Merkel's rivals go on attack over US spying
Updated: 2013-07-17 07:45
Ten weeks before German elections, Chancellor Angela Merkel's center-left rivals have gone on the attack over reports of sweeping US online surveillance and German cooperation, sparked by fugitive intelligence analyst Edward Snowden.
There is widespread disquiet over claims, reported by news weekly Der Spiegel, that the US National Security Agency has scooped up German e-mails, online chats and phone calls and shared some of it with the country's intelligence services.
The question dividing analysts is whether the public's anger could harm Merkel politically, crack the armor of the consistently popular chancellor and damage the still-healthy poll lead of her conservative Christian Democratic Union.
If more damaging information were to come to light before the Sept 22 vote, "this could come to the boil and become a central campaign topic", said political scientist Hajo Funke of Berlin's Free University. "The debate is only just beginning."

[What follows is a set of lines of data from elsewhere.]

Theorem proposition7 (n : nat) (h : nat -> R) (k : nat -> nat) (Hs : R) :
  instance n h ->
  valid_k n h k ->
  cardS2 n h = 1%nat ->
  pi1 n h + pi3 n h k + pi4 n h k - 1 = 0 ->
  is_Hstar n h Hs ->
  H_PW n h k <= 20/11 * Hs.
Proof.
  intros Hinst _ Hcard Hpi HHs.
  pose proof Hinst as (Hn & H1 & _).
  assert (Hpi1 : 1 <= pi1 n h).
  { apply (le_INR 1). exact (countN_ge1 n (inS1 h) 1 (le_n 1) Hn (inS1_first h H1)). }
  pose proof (Rfloor_nonneg _ (sh3_nonneg n h k)) as Hpi3.
  pose proof (Rfloor_nonneg _ (sh4_nonneg n h k)) as Hpi4.
  unfold pi3, pi4 in Hpi.
  assert (E3 : Rfloor (sh3 n h k) = 0) by lra.
  assert (E4 : Rfloor (sh4 n h k) = 0) by lra.
  rewrite (H_PW_single_S2 n h k Hcard) by (unfold pi3, pi4; lra).
  eapply Rle_trans; [apply PW_options_le|].
  - apply hstar_bounds. lia.
  - pose proof (Rfloor_eq0_lt1 _ E3). pose proof (Rfloor_eq0_lt1 _ E4).
    pose proof (sh3_nonneg n h k). pose proof (sh4_nonneg n h k). lra.
  - pose proof (sumR_ge_classes n h k Hinst). pose proof (Hstar_ge_sumR n h Hs HHs).
    lra.
Qed.
(* Let $n\ge1$, let $r$ be an integer with $(n+1)/2<r\le n$, and let $\alpha\in(0,1/2)$. Let $\theta\in\mathbb{R}^n$ and let $T_1,\dots,T_n$ be independent with $T_i\sim N(\theta_i,1)$; let $T_{(1)}\le\dots\le T_{(n)}$ be their order statistics. Let $\Phi$ be the standard normal cumulative distribution function and $t=\Phi^{-1}\{1-\alpha/(n-r+1)\}$. Let $n^+(\theta)=|\{i:\theta_i>0\}|$ and $n^-(\theta)=|\{i:\theta_i<0\}|$. Then $$\sup_{\theta\in\mathbb{R}^n:\ n^+(\theta)\ge r}\Pr_\theta\big(T_{(r)}<-t\big)\le\alpha\qquad\text{and}\qquad \sup_{\theta\in\mathbb{R}^n:\ n^-(\theta)\ge r}\Pr_\theta\big(T_{(n-r+1)}>t\big)\le\alpha.$$
   Context: This is Type III (wrong sign) error control for the directional replicability test that rejects ''$n^+<r$ and $n^-<r$'' when $\min\{(n-r+1)p_{(r)},(n-r+1)q_{(r)}\}\le\alpha$, where $p_i=1-\Phi(T_i)$, $q_i=\Phi(T_i)$; the event $T_{(r)}\le -t$ is equivalent to $(n-r+1)q_{(r)}\le\alpha$ (declaring a negative replicated effect) and $T_{(n-r+1)}\ge t$ is equivalent to $(n-r+1)p_{(r)}\le\alpha$ (declaring a positive replicated effect). *)

From HB Require Import structures.
From mathcomp Require Import all_boot all_order all_algebra.
From mathcomp Require Import all_classical all_reals all_analysis.
Set Implicit Arguments. Unset Strict Implicit. Unset Printing Implicit Defensive.
Import Order.TTheory GRing.Theory Num.Theory.
Local Open Scope classical_set_scope.
Local Open Scope ring_scope.

Definition mutually_independent {R : realType} {d : measure_display}
  {Omega : measurableType d} (P : probability Omega R) (n : nat)
  (X : 'I_n -> {RV P >-> R}) : Prop :=
  forall (J : {set 'I_n}) (B : 'I_n -> set R),
    (forall i, measurable (B i)) ->
    P (\bigcap_(i in [set` J]) (X i @^-1` B i)) =
    (\prod_(i in J) P (X i @^-1` B i))%E.

Definition orderstat {R : realType} (n : nat) (x : 'I_n -> R) (k : nat) : R :=
  nth 0 (sort <=%R [seq x i | i <- enum 'I_n]) k.-1.

Definition Phi {R : realType} (x : R) : \bar R := normal_prob 0 1 `]-oo, x].

Definition npos {R : realType} (n : nat) (theta : 'I_n -> R) : nat :=
  #|[set i | 0 < theta i]|.
Definition nneg {R : realType} (n : nat) (theta : 'I_n -> R) : nat :=
  #|[set i | theta i < 0]|.

From HB Require Import structures.
From mathcomp Require Import all_boot all_order all_algebra.
From mathcomp Require Import all_classical all_reals all_analysis.
From mathcomp Require Import zify lra measurable_realfun.
Import Order.TTheory GRing.Theory Num.Theory.
Import numFieldTopology.Exports.
Local Open Scope classical_set_scope.
Local Open Scope ring_scope.
Set Implicit Arguments. Unset Strict Implicit. Unset Printing Implicit Defensive.

(* T_(r) < -t means that at least r of the T_i lie below -t. Since r > (n+1)/2
   and at least r of the theta_i are positive, we can fix n - r + 1 indices with
   theta_i > 0, and every set of r indices meets them; so the event is covered by
   the union of the events {T_i < -t} over these n - r + 1 indices. For
   theta_i > 0 and t >= 0, P(T_i < -t) = P(N(-theta_i, 1) >= t) <= P(N(0, 1) >= t)
   = alpha / (n - r + 1), and t >= 0 because alpha / (n - r + 1) < 1/2. The
   union bound gives alpha. The second
   claim is the mirror image. *)

Section sorted_nth_count.
Context {disp : Order.disp_t} {T : orderType disp}.
Implicit Types (c : T) (s : seq T).
Local Open Scope order_scope.

Lemma sorted_nth_ltE (x0 : T) c s i : sorted <=%O s -> (i < size s)%N ->
  (nth x0 s i < c) = (i < count (< c) s)%N.
Proof.
move=> ss ilt; apply/idP/idP => [|/(nth_count_lt x0 ss)//].
apply: contraTT; rewrite -leqNgt -leNgt => ige.
by apply: nth_count_ge => //; rewrite ige.
Qed.

Lemma sorted_nth_leE (x0 : T) c s i : sorted <=%O s -> (i < size s)%N ->
  (nth x0 s i <= c) = (i < count (<= c) s)%N.
Proof.
move=> ss ilt; apply/idP/idP => [|/(nth_count_le x0 ss)//].
apply: contraTT; rewrite -leqNgt -ltNge => ige.
by apply: nth_count_gt => //; rewrite ige.
Qed.

Lemma sorted_nth_gtE (x0 : T) c s i : sorted <=%O s -> (i < size s)%N ->
  (c < nth x0 s i) = (size s - i <= count (> c) s)%N.
Proof.
move=> ss ilt; rewrite ltNge sorted_nth_leE // count_le_gt.
have := count_size (> c) s; lia.
Qed.

End sorted_nth_count.

Lemma count_enum_card (I : finType) (p : pred I) : count p (enum I) = #|[pred i | p i]|.
Proof. by rewrite cardE -size_filter /enum_mem filter_predT. Qed.

Section order_statistics.
Context {R : realType} {n : nat}.
Implicit Types (x : 'I_n -> R) (c : R).

Lemma orderstat_ltE x k c : (0 < k <= n)%N ->
  (orderstat x k < c) = (k <= #|[pred i | (x i < c)%R]|)%N.
Proof.
case/andP=> k0 kn; rewrite /orderstat sorted_nth_ltE ?sort_le_sorted //; last first.
  by rewrite size_sort size_map size_enum_ord; lia.
by rewrite count_sort count_map count_enum_card; case: k k0 kn.
Qed.

Lemma orderstat_gtE x k c : (0 < k <= n)%N ->
  (c < orderstat x k) = (n - k < #|[pred i | (c < x i)%R]|)%N.
Proof.
case/andP=> k0 kn; rewrite /orderstat sorted_nth_gtE ?sort_le_sorted //; last first.
  by rewrite size_sort size_map size_enum_ord; lia.
rewrite count_sort count_map count_enum_card size_sort size_map size_enum_ord.
set m := #|_|; lia.
Qed.

End order_statistics.

Lemma has_card_gt (I : finType) (A : {pred I}) (s : seq I) :
  uniq s -> (#|I| - size s < #|A|)%N -> has A s.
Proof.
move=> us; apply: contraTT => /hasPn sA; rewrite -leqNgt.
rewrite -(card_uniqP us) -(cardC (mem s)) addKn; apply: subset_leq_card.
by apply/fintype.subsetP => x xA; rewrite inE; apply: contraTN xA => /sA.
Qed.

Section union_bound.
Context d (T : measurableType d) (R : realType) (mu : {measure set T -> \bar R}).
Local Open Scope ereal_scope.

Lemma measure_bigsetU_le (I : Type) (s : seq I) (A : I -> set T) :
  (forall i, measurable (A i)) ->
  mu (\big[setU/set0]_(i <- s) A i) <= \sum_(i <- s) mu (A i).
Proof.
move=> mA; elim: s => [|i s IH]; first by rewrite !big_nil measure0.
rewrite !big_cons (le_trans (measureU2 _ _ _)) ?leeD2l //.
exact: bigsetU_measurable.
Qed.

Variables (I : finType) (f : I -> T -> bool).
Hypothesis mf : forall i, measurable [set w | f i w].

Lemma measurable_card_ge m : measurable [set w | (m <= #|[pred i | f i w]|)%N].
Proof.
have -> : [set w | (m <= #|[pred i | f i w]|)%N] =
    \bigcup_(A in [set A : {set I} | (m <= #|A|)%N])
      \bigcap_(i in [set i | i \in A]) [set w | f i w].
  apply/seteqP; split => w /=.
  - move=> mw; exists [set i | f i w]%SET => /= [|i]; last by rewrite /= inE.
    by rewrite (eq_card (finset.in_set _)).
  - move=> [A /= mA Aw]; apply: leq_trans mA (subset_leq_card _).
    by apply/fintype.subsetP => i iA; rewrite inE; exact: Aw.
apply: fin_bigcup_measurable; first exact: finite_finset.
move=> A _; apply: fin_bigcap_measurable => //; exact: finite_finset.
Qed.

Lemma measure_at_least_le (S : {pred I}) r (b : R) :
  (#|I| - r < #|S|)%N -> {in S, forall i, mu [set w | f i w] <= b%:E} ->
  mu [set w | (r <= #|[pred i | f i w]|)%N] <= ((#|I| - r).+1%:R * b)%:E.
Proof.
move=> rS Sb; have [s [us size_s sS]] := card_geqP rS.
have cover : [set w | (r <= #|[pred i | f i w]|)%N] `<=`
    \big[setU/set0]_(i <- s) [set w | f i w].
  move=> w /= rw; have /hasP[i si iw] : has [pred i | f i w] s.
    apply: has_card_gt => //; rewrite size_s; apply: leq_trans rw; have := max_card S; lia.
  by rewrite -(bigcup_seq s (fun i => [set w | f i w])); exists i.
apply: le_trans (le_measure _ _ _ cover) _; rewrite ?inE.
- exact: measurable_card_ge.
- exact: bigsetU_measurable.
apply: le_trans (measure_bigsetU_le _ _) _ => //.
rewrite -size_s (_ : ((size s)%:R * b)%:E = \sum_(i <- s) b%:E); last first.
  by rewrite sumEFin big_const_seq count_predT -Monoid.iteropE mulr_natl.
by rewrite big_seq [leRHS]big_seq; apply: lee_sum => i /sS; exact: Sb.
Qed.

End union_bound.

Section normal_tails.
Context {R : realType}.
Local Open Scope ereal_scope.

Lemma normal_prob_Ny_add_cy (m s a : R) :
  normal_prob m s `]-oo, a] + normal_prob m s `[a, +oo[ = 1.
Proof.
have -> : normal_prob m s `[a, +oo[ = normal_prob m s `]a, +oo[.
  rewrite /normal_prob -integral_itv_obnd_cbnd //.
  by apply: measurable_funTS; apply/measurable_EFinP; exact: measurable_normal_pdf.
rewrite -measureU //=.
- rewrite (_ : _ `|` _ = setT) ?probability_setT //.
  apply/seteqP; split => x //= _; rewrite !in_itv /= andbT.
  by case: (leP x a); [left|right].
- apply/seteqP; split => x //= []; rewrite !in_itv /= andbT => xa ax.
  by move: (le_lt_trans xa ax); rewrite ltxx.
Qed.

Context (s : R).
Hypothesis s0 : (s != 0)%R.

Lemma normal_pdfN (m x : R) : normal_pdf m s (- x) = normal_pdf (- m) s x.
Proof. by rewrite /normal_pdf (negbTE s0) /normal_fun -opprD sqrrN opprK. Qed.

Lemma normal_prob_NyN (m a : R) :
  normal_prob m s `]-oo, (- a)%R] = normal_prob (- m) s `[a, +oo[.
Proof.
rewrite /normal_prob ge0_integration_by_substitutionNy.
- by apply: eq_integral => x _; rewrite /= normal_pdfN.
- by apply: continuous_in_subspaceT => x _; exact: continuous_normal_pdf.
- by move=> x _; exact: normal_pdf_ge0.
Qed.

(* The densities compare pointwise on [[a, +oo[], where [x^2 <= (x - m)^2]. *)
Lemma normal_prob_cy_le_centered (m a : R) : (m <= 0)%R -> (0 <= a)%R ->
  normal_prob m s `[a, +oo[ <= normal_prob 0 s `[a, +oo[.
Proof.
move=> m0 a0; rewrite /normal_prob; apply: ge0_le_integral => //.
- by move=> x _; rewrite lee_fin normal_pdf_ge0.
- by apply: measurable_funTS; apply/measurable_EFinP; exact: measurable_normal_pdf.
- by apply: measurable_funTS; apply/measurable_EFinP; exact: measurable_normal_pdf.
- move=> x /=; rewrite in_itv /= andbT => ax.
  rewrite lee_fin /normal_pdf (negbTE s0); apply: ler_wpM2l; first exact: normal_peak_ge0.
  rewrite /normal_fun ler_expR !mulNr lerN2; apply: ler_wpM2r.
    by rewrite invr_ge0 mulrn_wge0 // sqr_ge0.
  rewrite subr0; nra.
Qed.

Lemma normal_prob_Ny_le_half (a : R) : (a <= 0)%R ->
  normal_prob 0 s `]-oo, a] <= 2^-1%:E.
Proof.
move=> a0.
have sym : normal_prob 0 s `]-oo, a] = normal_prob 0 s `[(- a)%R, +oo[.
  by rewrite -{1}(opprK a) normal_prob_NyN oppr0.
have mono : normal_prob 0 s `]-oo, a] <= normal_prob 0 s `]-oo, (- a)%R].
  apply: le_measure; rewrite ?inE // => x /=; rewrite !in_itv /= => xa.
  by apply: le_trans xa _; lra.
have := normal_prob_Ny_add_cy 0 s (- a); rewrite -sym.
have := measure_ge0 (normal_prob 0 s) `]-oo, a]; move: mono.
case: (normal_prob 0 s `]-oo, a]) => [x||] //; case: (normal_prob 0 s `]-oo, (- a)%R]) => [y||] //.
rewrite !lee_fin -EFinD => xy x0 [xy1]; lra.
Qed.

End normal_tails.

Lemma normal_prob_cy_of_Phi (R : realType) (t b : R) : Phi t = (1 - b)%:E -> normal_prob 0 1 `[t, +oo[ = b%:E.
Proof.
move=> Phit; move: (normal_prob_Ny_add_cy 0 1 t); rewrite -/(Phi t) Phit.
case: (normal_prob 0 1 `[t, +oo[) => [q||] //= h.
by rewrite -EFinD in h; case: h => hq; congr EFin; lra.
Qed.

Lemma Phi_gt_half_ge0 (R : realType) (t : R) : (2^-1%:E < Phi t)%E -> 0 <= t.
Proof.
rewrite leNgt; apply: contraTN => /ltW t_le0.
by rewrite -leNgt; exact: (normal_prob_Ny_le_half (oner_neq0 R) t_le0).
Qed.

(* With [classical_set_scope] open, [[set i | p i]] in [npos] and [nneg] is a
   classical set, not a finset. *)
Lemma card_set_pred (I : finType) (p : pred I) : #|[set i | p i]| = #|[pred i | p i]|.
Proof. by apply: eq_card => i; rewrite inE; apply/idP/idP; rewrite in_setE. Qed.

Section normal_coordinate.
Context d (Omega : measurableType d) (R : realType) (P : probability Omega R).
Variables (X : {RV P >-> R}) (m s : R).
Hypothesis s0 : s != 0.
Hypothesis X_normal :
  forall A, measurable A -> distribution P X A = normal_prob m s A.
Local Open Scope ereal_scope.

Lemma measurable_lt_cst (c : R) : measurable [set w | (X w < c)%R].
Proof.
rewrite (_ : [set w | _] = X @^-1` `]-oo, c[); first exact: measurable_funPTI.
by apply/seteqP; split => w /=; rewrite in_itv.
Qed.

Lemma measurable_gt_cst (c : R) : measurable [set w | (c < X w)%R].
Proof.
rewrite (_ : [set w | _] = X @^-1` `]c, +oo[); first exact: measurable_funPTI.
by apply/seteqP; split => w /=; rewrite in_itv /= andbT.
Qed.

Lemma prob_lt_opp_le_tail (t : R) : (0 <= m)%R -> (0 <= t)%R ->
  P [set w | (X w < - t)%R] <= normal_prob 0 s `[t, +oo[.
Proof.
move=> m0 t0; apply: (@le_trans _ _ (P (X @^-1` `]-oo, (- t)%R]))).
  apply: le_measure; rewrite ?inE; [exact: measurable_lt_cst|exact: measurable_funPTI|].
  by move=> w /=; rewrite in_itv /= => /ltW.
rewrite -[P _]/(distribution P X _) X_normal // normal_prob_NyN //.
by apply: normal_prob_cy_le_centered; rewrite ?oppr_le0.
Qed.

Lemma prob_gt_le_tail (t : R) : (m <= 0)%R -> (0 <= t)%R ->
  P [set w | (t < X w)%R] <= normal_prob 0 s `[t, +oo[.
Proof.
move=> m0 t0; apply: (@le_trans _ _ (P (X @^-1` `[t, +oo[))).
  apply: le_measure; rewrite ?inE; [exact: measurable_gt_cst|exact: measurable_funPTI|].
  by move=> w /=; rewrite in_itv /= andbT => /ltW.
by rewrite -[P _]/(distribution P X _) X_normal //; exact: normal_prob_cy_le_centered.
Qed.

End normal_coordinate.

Theorem proposition2 (R : realType) (d : measure_display)
  (Omega : measurableType d) (P : probability Omega R)
  (n r : nat) (alpha t : R) :
  (1 <= n)%N ->
  (n + 1)%:R / 2 < r%:R :> R -> (r <= n)%N ->
  0 < alpha < 1 / 2 ->
  Phi t = (1 - alpha / (n - r + 1)%:R)%:E ->
  (forall (theta : 'I_n -> R) (T : 'I_n -> {RV P >-> R}),
     mutually_independent T ->
     (forall i A, measurable A -> distribution P (T i) A = normal_prob (theta i) 1 A) ->
     (r <= npos theta)%N ->
     (P [set w | (orderstat (fun i => T i w) r < - t)%R] <= alpha%:E)%E) /\
  (forall (theta : 'I_n -> R) (T : 'I_n -> {RV P >-> R}),
     mutually_independent T ->
     (forall i A, measurable A -> distribution P (T i) A = normal_prob (theta i) 1 A) ->
     (r <= nneg theta)%N ->
     (P [set w | (orderstat (fun i => T i w) (n - r + 1) > t)%R] <= alpha%:E)%E).
Proof.
move=> _ hr rn /andP[a0 a_half] hPhi.
have r_big : (n - r < r)%N by move: hr; rewrite ltr_pdivrMr // -natrM ltr_nat; lia.
rewrite addn1 in hPhi *; set k := (n - r).+1 in hPhi *.
have k1 : 1 <= k%:R :> R by rewrite ler1n.
set b := alpha / k%:R in hPhi *.
have kb : k%:R * b = alpha by rewrite mulrC divfK // gt_eqF // (lt_le_trans ltr01).
have tail_b := normal_prob_cy_of_Phi hPhi.
have t0 : 0 <= t.
  apply: Phi_gt_half_ge0; rewrite hPhi lte_fin.
  have b0 : 0 <= b by rewrite divr_ge0 // ltW.
  nra.
split => theta T _ T_normal r_le.
- have -> : [set w | (orderstat (fun i => T i w) r < - t)%R] =
      [set w | (r <= #|[pred i | (T i w < - t)%R]|)%N].
    by apply/seteqP; split => w /=; rewrite orderstat_ltE // rn andbT; lia.
  rewrite -kb; apply: le_trans (measure_at_least_le _ (S := [pred i | 0 < theta i]) (b := b) _ _) _.
  + by move=> i; exact: measurable_lt_cst.
  + by rewrite card_ord -card_set_pred; exact: leq_trans r_big r_le.
  + by move=> i thi; rewrite -tail_b (prob_lt_opp_le_tail (oner_neq0 R) (T_normal i) (ltW thi) t0).
  + by rewrite card_ord.
- have -> : [set w | (t < orderstat (fun i => T i w) k)%R] =
      [set w | (r <= #|[pred i | (t < T i w)%R]|)%N].
    by apply/seteqP; split => w /=; rewrite orderstat_gtE; lia.
  rewrite -kb; apply: le_trans (measure_at_least_le _ (S := [pred i | theta i < 0]) (b := b) _ _) _.
  + by move=> i; exact: measurable_gt_cst.
  + by rewrite card_ord -card_set_pred; exact: leq_trans r_big r_le.
  + by move=> i thi; rewrite -tail_b (prob_gt_le_tail (oner_neq0 R) (T_normal i) (ltW thi) t0).
  + by rewrite card_ord.
Qed.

Merkel's struggling rival from the Social Democratic Party, Peer Steinbrueck, has come out swinging, charging that Merkel broke her oath-of-office pledge to protect the German people from harm. He has called for a parliamentary inquiry.
In a newspaper commentary, he described the scale of reported US snooping as "dizzying" and blamed Merkel - saying she was either aware of it and complicit, or ignorant and therefore negligent.
Steinbrueck also poured scorn on what he called Merkel's vague comments on the scandal and her claim to have learned only from media reports of what he called the "millionfold breach of the basic rights" of German citizens.
Merkel has approached the thorny surveillance issue with characteristic caution. During a June visit by US President Barack Obama, she spoke of the need to find the right balance between security and freedom.